Here’s something of note:
If you really want to publish a book one day you will publish a book. The time that you spend getting there is kind of wonderful. Don’t cut it short. The emotional range is valuable.
Yes! Long ago, before Gravities of Center, I remember talking to one of my mentors about his poetry collection, which I love, which I count among poetry collections which have influenced me and my poetics. I do believe he is largely proud of his poetry collection, but then he said to me that he believed he let some poems go too early, that some of them clearly needed more “cooking.” He’s the author of exactly one collection of poetry, though I know he has more work than this. I’ve read some, and it’s all beautiful. Perhaps he’s holding on to his poems too tightly, or perhaps he has the patience of a saint, and no need to stroke the ego with pub creds busting at the seams. I believe he knows publication will happen when it’s time for it.
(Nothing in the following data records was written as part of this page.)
(* Let $G$ be a group, $g\in[G,G]$, let $m\ge 1$, let $g_1,\dots,g_m$ be conjugates of $g$ in $G$, and let $n_1,\dots,n_m$ be integers. Unless $m=1$ and $g_1^{n_1}=1$, we have $$\mathrm{cl}_G(g_1^{n_1}g_2^{n_2}\cdots g_m^{n_m})\ \ge\ \mathrm{scl}_G(g)\left|\sum_{i=1}^m n_i\right|-\frac{m}{2}+1.$$
   Context: For a group $G$, $[G,G]$ is its commutator subgroup. For $h\in[G,G]$, the commutator length $\mathrm{cl}_G(h)$ is the least $n\ge 0$ such that $h=[a_1,b_1]\cdots[a_n,b_n]$ for some $a_i,b_i\in G$. The stable commutator length is $\mathrm{scl}_G(g)=\lim_{n\to\infty}\mathrm{cl}_G(g^n)/n$ for $g\in[G,G]$. Note that a product of conjugates of $g\in[G,G]$ lies in $[G,G]$. *)

From Stdlib Require Import Reals ZArith List Arith.
Open Scope R_scope.

Record Group := {
  carrier :> Type;
  gmul : carrier -> carrier -> carrier;
  gone : carrier;
  ginv : carrier -> carrier;
  gmul_assoc : forall a b c, gmul a (gmul b c) = gmul (gmul a b) c;
  gmul_1l : forall a, gmul gone a = a;
  gmul_Vl : forall a, gmul (ginv a) a = gone
}.

Arguments gmul {g} _ _.
Arguments gone {g}.
Arguments ginv {g} _.

Section GroupDefs.
Variable G : Group.

Definition gcomm (a b : G) : G := gmul (gmul (ginv a) (ginv b)) (gmul a b).

Definition gconj (g x : G) : G := gmul (ginv x) (gmul g x).

Fixpoint npow (x : G) (n : nat) : G :=
  match n with O => gone | S k => gmul x (npow x k) end.

Definition zpow (x : G) (z : Z) : G :=
  match z with
  | Z0 => gone
  | Zpos p => npow x (Pos.to_nat p)
  | Zneg p => ginv (npow x (Pos.to_nat p))
  end.

Definition prod_comms (l : list (G * G)) : G :=
  fold_right (fun p acc => gmul (gcomm (fst p) (snd p)) acc) gone l.

Definition is_prod_comm (h : G) (n : nat) : Prop :=
  exists l : list (G * G), length l = n /\ prod_comms l = h.

Definition in_commutator_subgroup (h : G) : Prop := exists n, is_prod_comm h n.

Definition cl_is (h : G) (k : nat) : Prop :=
  is_prod_comm h k /\ forall j, is_prod_comm h j -> (k <= j)%nat.

Definition scl_is (g : G) (s : R) : Prop :=
  exists c : nat -> nat,
    (forall n, cl_is (npow g (S n)) (c n)) /\
    Un_cv (fun n => INR (c n) / INR (S n)) s.

Definition gprod (f : nat -> G) (m : nat) : G :=
  fold_right (fun i acc => gmul (f i) acc) gone (seq 0 m).

End GroupDefs.

Arguments gcomm {G} _ _.
Arguments gconj {G} _ _.
Arguments npow {G} _ _.
Arguments zpow {G} _ _.
Arguments is_prod_comm {G} _ _.
Arguments in_commutator_subgroup {G} _.
Arguments cl_is {G} _ _.
Arguments scl_is {G} _ _.
Arguments gprod {G} _ _.

Definition zsum (n : nat -> Z) (m : nat) : Z :=
  fold_right Z.add 0%Z (map n (seq 0 m)).

From Stdlib Require Import Reals ZArith List Lia Lra Psatz.

(* Write h = g_1^{n_1}...g_m^{n_m} as a product of k commutators and raise the
   factors to the power 2q.  The classical estimate
   cl(a^{2q} b^{2q} (ab)^{-2q}) <= q gives
   cl(g_1^{2q n_1}...g_m^{2q n_m}) <= (2k+m-2)q + k.  Gathering these conjugates
   of powers of g into g^{2qN}, N = n_1 + ... + n_m, costs m more commutators,
   so cl(g^{2qN}) <= (2k+m-2)q + k + m; dividing by 2q|N| and letting q go to
   infinity gives scl(g)|N| <= k + m/2 - 1. *)

Local Notation "x ⋆ y" := (gmul x y) (at level 40, left associativity).

Section GroupTheory.
Variable G : Group.
Implicit Types (a b x y : G) (l : list G).

Lemma mulg_idem_eq1 x : x ⋆ x = x -> x = gone.
Proof.
intro Hx; transitivity (ginv x ⋆ x ⋆ x).
- now rewrite gmul_Vl, gmul_1l.
- now rewrite <- gmul_assoc, Hx, gmul_Vl.
Qed.

Lemma mulgV x : x ⋆ ginv x = gone.
Proof.
apply mulg_idem_eq1.
now rewrite <- gmul_assoc, (gmul_assoc G (ginv x)), gmul_Vl, gmul_1l.
Qed.

Lemma mulg1 x : x ⋆ gone = x.
Proof. now rewrite <- (gmul_Vl G x), gmul_assoc, mulgV, gmul_1l. Qed.

Lemma invg_uniq a b : a ⋆ b = gone -> b = ginv a.
Proof.
intro Hab.
now rewrite <- (gmul_1l G b), <- (gmul_Vl G a), <- gmul_assoc, Hab, mulg1.
Qed.

Lemma invgK a : ginv (ginv a) = a.
Proof. symmetry; apply invg_uniq, gmul_Vl. Qed.

Lemma invgM a b : ginv (a ⋆ b) = ginv b ⋆ ginv a.
Proof.
symmetry; apply invg_uniq.
now rewrite <- gmul_assoc, (gmul_assoc G b), mulgV, gmul_1l, mulgV.
Qed.

Lemma invg1 : ginv (@gone G) = gone.
Proof. symmetry; apply invg_uniq, gmul_1l. Qed.

Lemma mulKg a x : ginv a ⋆ (a ⋆ x) = x.
Proof. now rewrite gmul_assoc, gmul_Vl, gmul_1l. Qed.

Lemma mulKVg a x : a ⋆ (ginv a ⋆ x) = x.
Proof. now rewrite gmul_assoc, mulgV, gmul_1l. Qed.

Ltac gsimpl :=
  unfold gcomm, gconj in *;
  repeat progress rewrite ?invgM, ?invgK, ?invg1, ?gmul_1l, ?mulg1, ?mulKg,
    ?mulKVg, ?gmul_Vl, ?mulgV, <- ?gmul_assoc.

(** * Powers *)

Lemma npow1 n : npow (@gone G) n = gone.
Proof. induction n as [|n IH]; simpl; [|rewrite IH, gmul_1l]; reflexivity. Qed.

Lemma npow_mulC x n : npow x n ⋆ x = x ⋆ npow x n.
Proof.
induction n as [|n IH]; simpl.
- now rewrite gmul_1l, mulg1.
- now rewrite <- gmul_assoc, IH.
Qed.

Lemma npowD x i j : npow x (i + j) = npow x i ⋆ npow x j.
Proof.
induction i as [|i IH]; simpl.
- now rewrite gmul_1l.
- now rewrite IH, gmul_assoc.
Qed.

Lemma npowSr x n : npow x (S n) = npow x n ⋆ x.
Proof. simpl; now rewrite npow_mulC. Qed.

Lemma npowV x n : npow (ginv x) n = ginv (npow x n).
Proof.
induction n as [|n IH]; simpl.
- now rewrite invg1.
- now rewrite IH, <- invgM, npow_mulC.
Qed.

Lemma npow_conj x y n : npow (gconj x y) n = gconj (npow x n) y.
Proof. induction n as [|n IH]; simpl; [|rewrite IH]; gsimpl; reflexivity. Qed.

Lemma zpowS x z : zpow x (Z.succ z) = x ⋆ zpow x z.
Proof.
destruct z as [|p|p]; simpl.
- now rewrite mulg1.
- now replace (Pos.to_nat (p + 1)) with (S (Pos.to_nat p)) by lia.
- destruct (Pos.eq_dec p 1) as [->|Hp].
  + simpl; now rewrite mulg1, mulgV.
  + replace (Z.pos_sub 1 p) with (Z.neg (Pos.pred p))
      by (rewrite Z.pos_sub_lt by lia; f_equal; lia).
    simpl; replace (Pos.to_nat p) with (S (Pos.to_nat (Pos.pred p))) by lia.
    simpl; now rewrite <- npow_mulC, invgM, mulKVg.
Qed.

Lemma zpowP x z : zpow x (Z.pred z) = ginv x ⋆ zpow x z.
Proof. rewrite <- (Z.succ_pred z) at 2; now rewrite zpowS, mulKg. Qed.

Lemma zpow_mulC x z : zpow x z ⋆ x = x ⋆ zpow x z.
Proof.
induction z as [|z IH|z IH] using Z.peano_ind.
- simpl; now rewrite gmul_1l, mulg1.
- now rewrite zpowS, <- gmul_assoc, IH.
- now rewrite zpowP, <- gmul_assoc, IH, mulKVg, mulKg.
Qed.

Lemma zpowD x i j : zpow x (i + j) = zpow x i ⋆ zpow x j.
Proof.
assert (HV : ginv x ⋆ zpow x i = zpow x i ⋆ ginv x).
{ transitivity (ginv x ⋆ (zpow x i ⋆ x) ⋆ ginv x).
  - now rewrite <- !gmul_assoc, mulgV, mulg1.
  - now rewrite zpow_mulC, mulKg. }
induction j as [|j IH|j IH] using Z.peano_ind.
- rewrite Z.add_0_r; simpl; now rewrite mulg1.
- now rewrite Z.add_succ_r, !zpowS, IH, !gmul_assoc, zpow_mulC.
- now rewrite Z.add_pred_r, !zpowP, IH, !gmul_assoc, HV.
Qed.

Lemma zpow_conj x y z : zpow (gconj x y) z = gconj (zpow x z) y.
Proof.
induction z as [|z IH|z IH] using Z.peano_ind.
- simpl; gsimpl; reflexivity.
- rewrite !zpowS, IH; gsimpl; reflexivity.
- rewrite !zpowP, IH; gsimpl; reflexivity.
Qed.

Lemma npow_zpow x z p : npow (zpow x z) p = zpow x (Z.of_nat p * z).
Proof.
induction p as [|p IH]; [reflexivity|].
now rewrite Nat2Z.inj_succ, Z.mul_succ_l, zpowD, <- IH, npowSr.
Qed.

(** * Bounds on the commutator length *)

Definition cl_le x k := exists j, (j <= k)%nat /\ is_prod_comm x j.

Lemma prod_commsD (l1 l2 : list (G * G)) :
  prod_comms G (l1 ++ l2) = prod_comms G l1 ⋆ prod_comms G l2.
Proof.
induction l1 as [|p l1 IH]; simpl.
- now rewrite gmul_1l.
- now rewrite IH, gmul_assoc.
Qed.

Lemma cl_le1 k : cl_le gone k.
Proof. exists 0%nat; split; [lia|]. now exists nil. Qed.

Lemma cl_le_comm a b : cl_le (gcomm a b) 1.
Proof. exists 1%nat; split; [lia|]. exists ((a, b) :: nil); simpl; now rewrite mulg1. Qed.

Lemma cl_le_mono x i j : (i <= j)%nat -> cl_le x i -> cl_le x j.
Proof. intros Hij [t [Ht Hx]]; exists t; split; [lia|exact Hx]. Qed.

Lemma cl_leM x y i j : cl_le x i -> cl_le y j -> cl_le (x ⋆ y) (i + j).
Proof.
intros [t [Ht [l [Hl <-]]]] [u [Hu [l' [Hl' <-]]]].
exists (t + u)%nat; split; [lia|].
exists (l ++ l'); split.
- rewrite length_app; lia.
- apply prod_commsD.
Qed.

Lemma cl_le_conj x y k : cl_le x k -> cl_le (gconj x y) k.
Proof.
intros [t [Ht [l [Hl <-]]]]; exists t; split; [exact Ht|].
exists (map (fun p => (gconj (fst p) y, gconj (snd p) y)) l); split.
- now rewrite length_map.
- clear; induction l as [|p l IH]; simpl; [|rewrite IH]; gsimpl; reflexivity.
Qed.

Lemma cl_leV x k : cl_le x k -> cl_le (ginv x) k.
Proof.
intros [t [Ht [l [Hl <-]]]]; subst t; revert k Ht.
induction l as [|[a b] l IH]; intros k Hk; simpl.
- rewrite invg1; apply cl_le1.
- simpl in Hk; rewrite invgM.
  replace k with ((k - 1) + 1)%nat by lia.
  apply cl_leM; [apply IH; lia|].
  replace (ginv (gcomm a b)) with (gcomm b a) by (gsimpl; reflexivity).
  apply cl_le_comm.
Qed.

Lemma cl_le_is x c k : cl_is x c -> cl_le x k -> (c <= k)%nat.
Proof. intros [_ Hmin] [j [Hj Hx]]; specialize (Hmin j Hx); lia. Qed.

Lemma cl_le_npow_abs x z k : cl_le (zpow x z) k -> cl_le (npow x (Z.abs_nat z)) k.
Proof. destruct z; simpl; auto. intro Hx; apply cl_leV in Hx; now rewrite invgK in Hx. Qed.

(** * Powers of products *)

Definition pow_defect a b n := npow a n ⋆ npow b n ⋆ ginv (npow (a ⋆ b) n).

Lemma pow_defect_add2 a b n :
  pow_defect a b (n + 2) =
  gconj (gcomm (ginv (a ⋆ (a ⋆ b))) (ginv (npow b n ⋆ ginv a))) (ginv (npow a n))
  ⋆ pow_defect a b n.
Proof.
unfold pow_defect; rewrite (npowD a n 2), (npowD (a ⋆ b) n 2).
replace (n + 2)%nat with (S (S n)) by lia; rewrite (npowSr b (S n)).
cbn [npow]; gsimpl; reflexivity.
Qed.

Lemma cl_le_pow_defect_double a b q : cl_le (pow_defect a b (2 * q)) q.
Proof.
induction q as [|q IH].
- unfold pow_defect; simpl; rewrite gmul_1l, invg1, gmul_1l; apply cl_le1.
- replace (2 * S q)%nat with (2 * q + 2)%nat by lia.
  rewrite pow_defect_add2; replace (S q) with (1 + q)%nat by lia.
  apply cl_leM; [apply cl_le_conj, cl_le_comm | exact IH].
Qed.

Lemma npow_double_mul a b q : exists P,
  npow a (2 * q) ⋆ npow b (2 * q) = P ⋆ npow (a ⋆ b) (2 * q) /\ cl_le P q.
Proof.
exists (pow_defect a b (2 * q)); split.
- unfold pow_defect; gsimpl; reflexivity.
- apply cl_le_pow_defect_double.
Qed.

Definition lprod l := fold_right (@gmul G) gone l.

Lemma lprod_app l1 l2 : lprod (l1 ++ l2) = lprod l1 ⋆ lprod l2.
Proof.
induction l1 as [|a l1 IH]; simpl.
- now rewrite gmul_1l.
- now rewrite IH, gmul_assoc.
Qed.

Lemma lprod_npow_double q l : exists E,
  lprod (map (fun a => npow a (2 * q)) l) = E ⋆ npow (lprod l) (2 * q)
  /\ cl_le E ((length l - 1) * q).
Proof.
induction l as [|a [|b l] IH].
- exists gone; simpl; rewrite npow1, gmul_1l; split; [reflexivity|apply cl_le1].
- exists gone; simpl; rewrite !mulg1, gmul_1l; split; [reflexivity|apply cl_le1].
- destruct IH as [E [HE HEk]].
  destruct (npow_double_mul a (lprod (b :: l)) q) as [P [HP HPk]].
  exists (gconj E (ginv (npow a (2 * q))) ⋆ P); split.
  + change (npow a (2 * q) ⋆ lprod (map (fun a => npow a (2 * q)) (b :: l))
      = gconj E (ginv (npow a (2 * q))) ⋆ P ⋆ npow (a ⋆ lprod (b :: l)) (2 * q)).
    rewrite HE, <- (gmul_assoc G _ P), <- HP; gsimpl; reflexivity.
  + replace ((length (a :: b :: l) - 1) * q)%nat
      with ((length (b :: l) - 1) * q + q)%nat by (simpl; lia).
    apply cl_leM; [apply cl_le_conj|]; assumption.
Qed.

(* [x, y] = x^-1 x^y, so up to q commutators its 2q-th power is x^{-2q} (x^{2q})^y = [x^{2q}, y]. *)
Lemma cl_le_comm_npow_double x y q : cl_le (npow (gcomm x y) (2 * q)) (q + 1).
Proof.
destruct (npow_double_mul (ginv x) (gconj x y) q) as [P [HP HPk]].
replace (gcomm x y) with (ginv x ⋆ gconj x y) by (gsimpl; reflexivity).
rewrite npowV, npow_conj in HP.
replace (npow (ginv x ⋆ gconj x y) (2 * q)) with (ginv P ⋆ gcomm (npow x (2 * q)) y).
- apply cl_leM; [apply cl_leV, HPk | apply cl_le_comm].
- apply (f_equal (gmul (ginv P))) in HP; rewrite mulKg in HP.
  rewrite <- HP; gsimpl; reflexivity.
Qed.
These days, I get impatient too, or insecure that three books and three chapbooks is not enough pub cred, that I should be 99% done with book #4 and nearly ready to do the submissions rounds with it. That book #5 should already be in the concrete works. That I need to keep up with my colleagues, and more so that I need to be ahead of them in the race. Then I have to tell myself to chill out because this isn’t a damn race. And just get back to work.
And yes, as Butler writes, the time you spend getting there, in the writing process of the next book, is great — immersion in the body of poems, the act of growing, building, weaving, and shaping it into something uniquely ours, setting ourselves deep in those patterns. That’s a rich and optimistic place to be.
Here’s something else of note:
Don’t lose sight of someone you love in the midst of this.
Right? So, more important than simply being a great writer is to remember to be a good human being. Don’t neglect the important folks in our lives, and don’t take frustrations and jealousies out on them. Don’t use people, and don’t treat them as resources or conduits to bolster the CV. Reminder: there are no shortcuts. Create some amazing work, get better at creating amazing, smart, multi-layered, ambitious work, become efficient at getting the work into the world, and instead of being a social network guru or troll with a small amount of some passable work, collecting contacts like baseball cards, “let the work network.” You will eventually get to the point that editors, publishers, etc. that you respect are coming after you for work. When this happens, be grateful that it’s happening, and don’t squander the opportunity.
So then placing this all in perspective — submitting work is necessary in order to be published (not taking self-publishing into account). I think of it as necessary as having our livelihoods, and being on top of paying our bills, so that we can eat, so that we can have our happy homes, not just the real estate investment or status symbol, but the quality of home lives that we carve out in our spaces — the beautiful meals we create in our kitchens, having warm, safe, comfortable spaces to tend to herb gardens, build our libraries, and to break bread with loved ones and dear friends.